I bought Standard library. This is so realistic than I expected.
I worried about the ambience issue before I buy, but it reached a satisfactory level after touching some settings. First I loaded Player preset, and increased the level of the close & main mics, which has strengthened the stringy sound, but decreased (too much) distant tone. I also decreased the reverb (especially close mic's reverb) and Room-mix mic's volume.
Someone said the high register is little thin, but wasn't to me.
I put this instrument on the top tier of my own VI.

The only weakness I think is the loading speed. However, this has little effect on pulling down the instrument from the top tier. This issue is solved by setting up the instrument about 10 minutes before using it. (HDD point of view)
gorgeous.


----------



## re-peat (May 16, 2018)

good said:


> The only weakness I think is the loading speed.


SSD makes a dramatic difference. Over here, the CFX loads in a matter of seconds; literally. 
(The Player-plugin takes longer to load than the library.)

Anyone can get the Note Volume (in the 'Edit' tab) to work, by the way? Doesn't appear to be doing anything at all. 
Maybe I'm overlooking something, or else it's a little bug.

_


----------



## Francis Bourre (May 16, 2018)

I bought it, shame on me, I'm a kind of virtual piano collector.

I wanted to participate to this thread to say: "Be careful... I mean, not everyone will like it. There's no ultimate piano, and imho this one is far away to enter the category if there is one." Btw, the quest for the ultimate piano is pointless, because every acoustic piano sound is different, so how you would compare them, and more than that, the context matters, definitely. Last but not least, it's fully subjective, and this subjectivity is the fruit of your own experience/culture.

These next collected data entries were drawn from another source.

(* The exact category $\mathfrak{sl}(2)\text{-}\mathrm{Mod}_{\mathrm{tffr}}$ decomposes as the $\mathrm{Hom}$-orthogonal direct sum of the exact subcategories of generalized Casimir modules: $$\mathfrak{sl}(2)\text{-}\mathrm{Mod}_{\mathrm{tffr}}=\bigoplus_{\mu\in\mathbb{C}}\mathcal C^\bullet_{\mu,\mathrm{tffr}},$$ i.e. every finite rank torsion free module is a finite direct sum of $\mathfrak{sl}(2)$-submodules lying in $\mathcal C^\bullet_{\mu,\mathrm{tffr}}$ for pairwise distinct $\mu$, and $\mathrm{Hom}_{\mathfrak{sl}(2)}(A,B)=0$ for $A\in\mathcal C^\bullet_{\mu,\mathrm{tffr}}$, $B\in\mathcal C^\bullet_{\nu,\mathrm{tffr}}$, $\mu\neq\nu$. This is compatible with the coproduct decomposition $\mathcal C_{\mathrm{tffr}}=\coprod_{\mu\in\mathbb{C}}\mathcal C_{\mu,\mathrm{tffr}}$.
   Context: $\mathfrak{sl}(2)$ has basis $L_{-1}=f$, $L_0=-\tfrac12 h$, $L_1=-e$ for a Chevalley basis $e,f,h$. Every $\mathfrak{sl}(2)$-module $(V,\rho)$ is a $\mathbb{C}[z]$-module via $z\cdot v=\rho(L_0)v$; $\mathfrak{sl}(2)\text{-}\mathrm{Mod}_{\mathrm{tffr}}$ is the full subcategory of modules that are torsion free as $\mathbb{C}[z]$-modules and of finite rank (finite $\mathbb{C}(z)$-dimension of the localization at $\mathbb{C}[z]\setminus\{0\}$), with the exact structure given by short exact sequences of $\mathfrak{sl}(2)$-modules with all terms in it. Casimir operator: $C_\rho=\rho(L_0)(\rho(L_0)-1)-\rho(L_{-1})\rho(L_1)$. $\mathcal C_{\mu,\mathrm{tffr}}$ (resp. $\mathcal C^\bullet_{\mu,\mathrm{tffr}}$) is the full subcategory of finite rank torsion free modules with $C_\rho=\mu\,\mathrm{Id}$ (resp. $(C_\rho-\mu)^n=0$ for some $n\ge1$); $\mathcal C_{\mathrm{tffr}}$ is the full subcategory of finite rank torsion free modules that are Casimir of some level. *)

From HB Require Import structures.
From mathcomp Require Import all_boot all_order all_algebra.
From mathcomp Require Import reals complex.
Set Implicit Arguments. Unset Strict Implicit. Unset Printing Implicit Defensive.
Import Order.TTheory GRing.Theory Num.Theory.
Local Open Scope ring_scope.

(* An sl(2)-module structure on a C-vector space V, given by the images of the
   basis L_{-1} = f, L_0 = -h/2, L_1 = -e; these satisfy the relations
   [L_m, L_n] = (m - n) L_{m+n}, which are exactly the sl(2) bracket relations
   in this basis. *)
Record sl2mod (K : nzRingType) (V : lmodType K) := Sl2mod {
  Lm1 : {linear V -> V};
  L0  : {linear V -> V};
  L1  : {linear V -> V};
  rel_0m1 : forall v, L0 (Lm1 v) - Lm1 (L0 v) = Lm1 v;
  rel_1m1 : forall v, L1 (Lm1 v) - Lm1 (L1 v) = 2%:R *: L0 v;
  rel_01  : forall v, L0 (L1 v) - L1 (L0 v) = - L1 v
}.

Section Defs.
Variables (K : nzRingType) (V : lmodType K) (M : sl2mod V).

(* C[z]-module structure: z . v = L0 v, so p . v = p(L0) v. *)
Definition pact (p : {poly K}) (v : V) : V :=
  \sum_(i < size p) p`_i *: iter i (L0 M) v.

Definition casimir (v : V) : V := L0 M (L0 M v) - L0 M v - Lm1 M (L1 M v).

Definition submodule (S : V -> Prop) : Prop :=
  [/\ S 0, (forall a u w, S u -> S w -> S (a *: u + w)),
      (forall u, S u -> S (Lm1 M u)), (forall u, S u -> S (L0 M u))
    & (forall u, S u -> S (L1 M u))].

Definition torsion_free_on (S : V -> Prop) : Prop :=
  forall (p : {poly K}) v, S v -> p != 0 -> pact p v = 0 -> v = 0.

(* finite rank: there is a bound n on the number of C[z]-linearly independent
   elements (for torsion free modules this is the C(z)-dimension of the
   localization) *)
Definition finite_rank_on (S : V -> Prop) : Prop :=
  exists n : nat, forall v : 'I_n.+1 -> V, (forall i, S (v i)) ->
    exists c : 'I_n.+1 -> {poly K},
      (exists i, c i != 0) /\ \sum_(i < n.+1) pact (c i) (v i) = 0.

Definition gen_casimir_on (mu : K) (S : V -> Prop) : Prop :=
  exists n : nat, (1 <= n)%N /\
    forall v, S v -> iter n (fun w => casimir w - mu *: w) v = 0.

Definition torsion_free := torsion_free_on (fun _ => True).
Definition finite_rank := finite_rank_on (fun _ => True).
Definition gen_casimir mu := gen_casimir_on mu (fun _ => True).

Definition direct_sum (k : nat) (W : 'I_k -> V -> Prop) : Prop :=
  (forall v, exists w : 'I_k -> V, (forall i, W i (w i)) /\ v = \sum_(i < k) w i)
  /\ (forall w w' : 'I_k -> V, (forall i, W i (w i)) -> (forall i, W i (w' i)) ->
        \sum_(i < k) w i = \sum_(i < k) w' i -> forall i, w i = w' i).

End Defs.

Definition sl2hom (K : nzRingType) (A B : lmodType K) (MA : sl2mod A) (MB : sl2mod B)
  (phi : {linear A -> B}) : Prop :=
  [/\ forall a, phi (Lm1 MA a) = Lm1 MB (phi a),
      forall a, phi (L0 MA a) = L0 MB (phi a)
    & forall a, phi (L1 MA a) = L1 MB (phi a)].

(* The Casimir operator Om commutes with L0, so by finite rank
   over C[z] (z acting as L0) and torsion freeness there is a nonzero
   P(z, w) in C[z][w] with P(L0, Om) = 0.  The operator L_{-1} is injective:
   a nonzero v with L_{-1} v = 0 yields nonzero vectors L_1^k v on which Om
   acts as (L0 + k)(L0 + k + 1), forcing infinitely many roots of P as a
   polynomial in w.  Hence every vector has a nonzero C[z]-multiple in the
   image of L_{-1}, and as L_{-1} L0 = (L0 - 1) L_{-1} the annihilating ideal
   is stable under z |-> z - 1.  An annihilator of least w-degree is then fixed by this shift,
   so its coefficients are constants: Om satisfies a nonzero polynomial.  The
   module is therefore the direct sum of the generalized eigenspaces of Om,
   which are submodules since Om is central; sl(2)-maps intertwine the
   Casimirs, and coprimality of (X - mu)^m and (X - nu)^n kills every map
   between different levels. *)

From HB Require Import structures.
From mathcomp Require Import all_boot all_order all_algebra.
From mathcomp Require Import reals complex boolp.
Set Implicit Arguments. Unset Strict Implicit. Unset Printing Implicit Defensive.
Import GRing.Theory Num.Theory.
Local Open Scope ring_scope.

(** * Polynomials in an operator *)

Section PolyOp.
Variables (R : comNzRingType) (V : lmodType R).

Definition polyop (f : V -> V) (p : {poly R}) (v : V) : V :=
  \sum_(i < size p) p`_i *: iter i f v.

Variable f : V -> V.

Lemma polyop_widen n (p : {poly R}) v : (size p <= n)%N ->
  polyop f p v = \sum_(i < n) p`_i *: iter i f v.
Proof.
move=> le_p_n; rewrite /polyop (big_ord_widen n (fun i => p`_i *: iter i f v)) //.
rewrite big_mkcond; apply: eq_bigr => i _.
by case: ltnP => // /(nth_default 0) ->; rewrite scale0r.
Qed.

Lemma polyopD (p q : {poly R}) v : polyop f (p + q) v = polyop f p v + polyop f q v.
Proof.
rewrite !(@polyop_widen (maxn (size p) (size q))) ?leq_maxl ?leq_maxr ?size_polyD //.
by rewrite -big_split; apply: eq_bigr => i _; rewrite coefD scalerDl.
Qed.

Lemma polyop0 v : polyop f 0 v = 0.
Proof. by rewrite /polyop size_poly0 big_ord0. Qed.

Lemma polyopZ c (p : {poly R}) v : polyop f (c *: p) v = c *: polyop f p v.
Proof.
rewrite (@polyop_widen (size p)) ?size_scale_leq // scaler_sumr.
by apply: eq_bigr => i _; rewrite coefZ scalerA.
Qed.

Lemma polyopN (p : {poly R}) v : polyop f (- p) v = - polyop f p v.
Proof. by rewrite -(scaleN1r p) polyopZ scaleN1r. Qed.

Lemma polyopB (p q : {poly R}) v : polyop f (p - q) v = polyop f p v - polyop f q v.
Proof. by rewrite polyopD polyopN. Qed.

Lemma polyop_sum (I : Type) (r : seq I) (P : pred I) (F : I -> {poly R}) v :
  polyop f (\sum_(i <- r | P i) F i) v = \sum_(i <- r | P i) polyop f (F i) v.
Proof. exact: (big_morph (polyop f ^~ v) (fun p q => polyopD p q v) (polyop0 v)). Qed.

Lemma polyopC c v : polyop f c%:P v = c *: v.
Proof. by rewrite (@polyop_widen 1) ?size_polyC ?leq_b1 // big_ord1 coefC. Qed.

Lemma polyop1 v : polyop f 1 v = v.
Proof. by rewrite -polyC1 polyopC scale1r. Qed.

Lemma polyopMX (p : {poly R}) v : polyop f (p * 'X) v = polyop f p (f v).
Proof.
rewrite (@polyop_widen (size p).+1); last first.
  by rewrite (leq_trans (size_polyMleq _ _)) // size_polyX addn2.
rewrite big_ord_recl coefMX eqxx scale0r add0r.
by apply: eq_bigr => i _; rewrite coefMX -iterSr.
Qed.

Lemma polyopX v : polyop f 'X v = f v.
Proof. by rewrite -['X]mul1r polyopMX polyop1. Qed.

End PolyOp.

Lemma polyop_morph (R : comNzRingType) (V W : lmodType R) (f : V -> V)
  (g : W -> W) (phi : {linear V -> W}) (p : {poly R}) v :
  (forall u, phi (f u) = g (phi u)) -> phi (polyop f p v) = polyop g p (phi v).
Proof.
move=> phi_fg; rewrite linear_sum; apply: eq_bigr => i _; rewrite linearZ /=.
by congr (_ *: _); elim: (nat_of_ord i) => //= j IH; rewrite phi_fg IH.
Qed.

Lemma iter_linear (R : nzRingType) (V : lmodType R) (f : {linear V -> V}) n :
  linear (iter n f).
Proof. by elim: n => [//|n IH] a u v /=; rewrite IH linearP. Qed.

Lemma polyop_is_linear (R : comNzRingType) (V : lmodType R) (f : {linear V -> V})
  (p : {poly R}) : linear (polyop f p).
Proof.
move=> a u v; rewrite scaler_sumr -big_split; apply: eq_bigr => i _ /=.
by rewrite iter_linear scalerDr !scalerA mulrC.
Qed.

HB.instance Definition _ (R : comNzRingType) (V : lmodType R) (f : {linear V -> V})
    (p : {poly R}) :=
  GRing.isLinear.Build R V V *:%R (polyop f p) (polyop_is_linear f p).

Mine is coming from a jazz pianist background.

So from my own experience and needs, I was disappointed, because the sound is too thin for my use, and not only in the high. It lacks of body as well. It's too clean, I can't feel the instrument under my fingers, so I can't believe I'm playing piano, and without wanting to be rude with the product, I would say it sounds a bit dead. I should add that I'm not super fan of the Yamaha C7 sound in general, but that's fine in the right context. About VSL version, I will never use it as it is for a (live or recorded) solo performance. When you go beyond the scope of the hype cinematic pianos drowned in a hall reverb (I think most of the virtual pianos are good enough to play in this category, because the requirements are such low), there's not so much products left to deliver an enjoyable intimate dry acoustic solo experience. And when you find some, the marathon is not over, you have to deal with many sample inconsistencies (eq, release...) spread on the keyboard, and many times, find some tricks to make your experience less clinic (adding noises, harmonics, colors...).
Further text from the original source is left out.